━━━━━ Information given

Lemma quarter_period_phase (w a b : R) : 0 < w -> b <= a + PI / (2 * w) ->
  forall t, a <= t <= b ->
  0 <= w * (t - a) <= PI / 2 /\ (t < b -> w * (t - a) < PI / 2).
Proof.
  intros Hw Hb t Ht.
  assert (Hwq : w * (PI / (2 * w)) = PI / 2) by (field; lra).
  split; [split | intro Htb].
  - apply Rmult_le_pos; lra.
  - rewrite <- Hwq. apply Rmult_le_compat_l; lra.
  - rewrite <- Hwq. apply Rmult_lt_compat_l; lra.
Qed.

Lemma MVT_is_derive (f f' : R -> R) (a b : R) : a < b ->
  (forall x, is_derive f x (f' x)) -> exists e, a < e < b /\ f b - f a = f' e * (b - a).
Proof.
  intros Hab Hf.
  destruct (MVT_cor2 f f' a b Hab) as [e [He1 He2]].
  - intros x _. apply is_derive_Reals, Hf.
  - exists e. split; assumption.
Qed.

Lemma is_derive_pos_root_left (v : R -> R) (a x d : R) :
  a < x -> is_derive v x d -> 0 < d -> v x = 0 -> exists y, a < y < x /\ v y < 0.
Proof.
  intros Hax Hd Hpos Hvx. apply is_derive_Reals in Hd.
  destruct (Hd (d / 2) ltac:(lra)) as [del Hdel].
  pose proof (cond_pos del) as Hdel0.
  set (h := - Rmin (del / 2) ((x - a) / 2)).
  assert (Hh : - (del / 2) <= h < 0 /\ - ((x - a) / 2) <= h).
  { pose proof (Rmin_l (del / 2) ((x - a) / 2)). pose proof (Rmin_r (del / 2) ((x - a) / 2)).
    pose proof (Rmin_pos (del / 2) ((x - a) / 2) ltac:(lra) ltac:(lra)). unfold h. lra. }
  assert (Habs : Rabs h < del) by (rewrite Rabs_left; lra).
  specialize (Hdel h ltac:(lra) Habs). rewrite Hvx, Rminus_0_r in Hdel.
  apply Rabs_lt_between in Hdel.
  assert (v (x + h) / h * h = v (x + h)) by (field; lra).
  exists (x + h). split; [lra | nra].
Qed.

Lemma continuity_nonvanishing_sign (f : R -> R) (a b m y : R) : continuity f ->
  (forall z, a < z < b -> f z <> 0) -> a < m < b -> a < y < b -> 0 < f m * f y.
Proof.
  intros Hf Hnz Hm Hy.
  destruct (Rlt_or_le 0 (f m * f y)) as [|Hle]; [assumption | exfalso].
  destruct (IVT_gen f y m 0 Hf) as [z [Hz Hfz]].
  - unfold Rmin, Rmax. destruct Rle_dec; nra.
  - apply (Hnz z); [|assumption].
    unfold Rmin, Rmax in Hz. destruct Rle_dec; lra.
Qed.

Section ProlateFirstRoot.

Variables (c chi x1 : R) (v v1 v2 : R -> R).
Hypothesis c_gt0 : 0 < c.
Hypothesis chi_gt : c ^ 2 < chi.
Hypothesis x1_gt1 : 1 < x1.
Hypothesis v_x1 : v x1 = 0.
Hypothesis v_pos : forall y, 1 < y < x1 -> 0 < v y.
Hypothesis v_deriv : forall x, is_derive v x (v1 x).
Hypothesis v1_deriv : forall x, is_derive v1 x (v2 x).
Hypothesis v_ode :
  forall x, (1 - x ^ 2) * v2 x - 2 * x * v1 x + (chi - c ^ 2 * x ^ 2) * v x = 0.

Local Notation x0 := (turning_point c chi).
Local Notation w := (c * root_ratio x0 x1).

Lemma is_derive_prolate_flux (x : R) :
  is_derive (fun t => (t ^ 2 - 1) * v1 t) x ((chi - c ^ 2 * x ^ 2) * v x).
Proof.
  replace ((chi - c ^ 2 * x ^ 2) * v x) with (2 * x * v1 x + (x ^ 2 - 1) * v2 x)
    by (pose proof (v_ode x); lra).
  apply (is_derive_mult (fun t => t ^ 2 - 1) v1 x (2 * x) (v2 x)).
  - auto_derive; [auto | ring].
  - apply v1_deriv.
  - intros; apply Rmult_comm.
Qed.

Lemma prolate_flux_nonneg (y : R) : 1 < y -> y <= x0 -> y <= x1 -> 0 <= (y ^ 2 - 1) * v1 y.
Proof.
  intros Hy1 Hy0 Hyx.
  destruct (MVT_is_derive _ _ 1 y Hy1 is_derive_prolate_flux) as [e [He Hmvt]].
  cbv beta in Hmvt.
  pose proof (turning_point_sqr c chi c_gt0 ltac:(nra)) as Hx0.
  assert (0 < v e) by (apply v_pos; lra).
  assert (c ^ 2 * e ^ 2 < chi) by (rewrite <- Hx0; apply Rmult_lt_compat_l; nra).
  replace ((y ^ 2 - 1) * v1 y) with ((chi - c ^ 2 * e ^ 2) * v e * (y - 1)) by lra.
  apply Rmult_le_pos; [apply Rmult_le_pos|]; lra.
Qed.

Lemma turning_point_lt_root : x0 < x1.
Proof.
  destruct (Rlt_or_le x0 x1) as [|Hle]; [assumption | exfalso].
  set (m := (1 + x1) / 2).
  destruct (MVT_is_derive v v1 m x1 ltac:(unfold m; lra) v_deriv) as [e [He Hmvt]].
  assert (0 <= (e ^ 2 - 1) * v1 e) by (apply prolate_flux_nonneg; unfold m in He; lra).
  assert (0 < v m) by (apply v_pos; unfold m; lra).
  assert (0 < e ^ 2 - 1) by (unfold m in He; nra).
  assert (0 <= v1 e) by nra.
  nra.
Qed.

Lemma prolate_deriv_turning_point_nonneg : 0 <= v1 x0.
Proof.
  pose proof (turning_point_gt1 c chi c_gt0 chi_gt).
  pose proof turning_point_lt_root.
  assert (0 <= (x0 ^ 2 - 1) * v1 x0) by (apply prolate_flux_nonneg; lra).
  apply Rmult_le_reg_l with (x0 ^ 2 - 1); nra.
Qed.

Lemma is_derive_prolate_wronskian (k a t : R) :
  is_derive (fun s => (s ^ 2 - 1) * (v1 s * cos (k * (s - a)) + k * v s * sin (k * (s - a)))) t
    ((chi - c ^ 2 * t ^ 2 + (t ^ 2 - 1) * k ^ 2) * v t * cos (k * (t - a))
     + 2 * t * k * v t * sin (k * (t - a))).
Proof.
  auto_derive.
  - repeat split; eexists; [apply v1_deriv | apply v_deriv].
  - replace (Derive (fun s => v s) t) with (v1 t) by (symmetry; apply is_derive_unique, v_deriv).
    replace (Derive (fun s => v1 s) t) with (v2 t)
      by (symmetry; apply is_derive_unique, v1_deriv).
    replace (t + - a) with (t - a) by ring.
    apply Rminus_diag_uniq.
    transitivity (- cos (k * (t - a))
      * ((1 - t ^ 2) * v2 t - 2 * t * v1 t + (chi - c ^ 2 * t ^ 2) * v t)); [ring|].
    rewrite v_ode. ring.
Qed.

(* Sturm comparison of v with cos (w (t - x0)) on [x0, x1]. *)
Lemma prolate_deriv_root_pos : x1 <= x0 + PI / (2 * w) -> 0 < v1 x1.
Proof.
  intros Hclose.
  pose proof (turning_point_gt1 c chi c_gt0 chi_gt) as Hx0.
  pose proof turning_point_lt_root as Hx01.
  destruct (root_ratio_bounds x0 x1 ltac:(lra)) as [Hr _].
  pose proof PI_RGT_0 as Hpi.
  assert (Hw : 0 < w) by nra.
  pose proof (quarter_period_phase w x0 x1 Hw Hclose) as Hphase.
  set (W := fun s => (s ^ 2 - 1) * (v1 s * cos (w * (s - x0)) + w * v s * sin (w * (s - x0)))).
  destruct (MVT_is_derive W _ x0 x1 Hx01 (is_derive_prolate_wronskian w x0)) as [e [He Hmvt]].
  assert (HWe : 0 < (chi - c ^ 2 * e ^ 2 + (e ^ 2 - 1) * w ^ 2) * v e * cos (w * (e - x0))
                    + 2 * e * w * v e * sin (w * (e - x0))).
  { destruct (Hphase e ltac:(lra)) as [Hph Hph_lt].
    pose proof (cos_gt_0 (w * (e - x0)) ltac:(lra) (Hph_lt ltac:(lra))).
    pose proof (sin_gt_0 (w * (e - x0)) ltac:(apply Rmult_lt_0_compat; lra) ltac:(lra)).
    pose proof (v_pos e ltac:(lra)).
    pose proof (comparison_coefficient_nonneg c x0 x1 e ltac:(lra) ltac:(lra)).
    rewrite turning_point_sqr in * by (auto; nra).
    assert (0 <= (chi - c ^ 2 * e ^ 2 + (e ^ 2 - 1) * w ^ 2) * v e * cos (w * (e - x0)))
      by (apply Rmult_le_pos; [apply Rmult_le_pos|]; lra).
    assert (0 < 2 * e * w * v e * sin (w * (e - x0))) by (repeat apply Rmult_lt_0_compat; lra).
    lra. }
  assert (HWx0 : 0 <= W x0).
  { unfold W. rewrite Rminus_diag, Rmult_0_r, cos_0, sin_0, !Rmult_0_r, Rmult_1_r, Rplus_0_r.
    apply Rmult_le_pos; [nra | exact prolate_deriv_turning_point_nonneg]. }
  assert (HWx1 : W x1 = (x1 ^ 2 - 1) * v1 x1 * cos (w * (x1 - x0)))
    by (unfold W; rewrite v_x1; ring).
  assert (Hcos : 0 <= cos (w * (x1 - x0)))
    by (apply cos_ge_0; destruct (Hphase x1 ltac:(lra)); lra).
  cbv beta in Hmvt.
  assert (0 < W x1) by (pose proof (Rmult_lt_0_compat _ (x1 - x0) HWe ltac:(lra)); lra).
  rewrite HWx1 in *.
  destruct (Rlt_or_le 0 (v1 x1)) as [|Hle]; [assumption | exfalso].
  assert (Hneg : (x1 ^ 2 - 1) * v1 x1 <= 0).
  { rewrite <- (Rmult_0_r (x1 ^ 2 - 1)). apply Rmult_le_compat_l; nra. }
  pose proof (Rmult_le_compat_r _ _ _ Hcos Hneg). lra.
Qed.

━━━━━━━━━━

*Problem details*. Check every line in the entries for the word "forall". State how many have it, with no other text.

*The completed task*. 7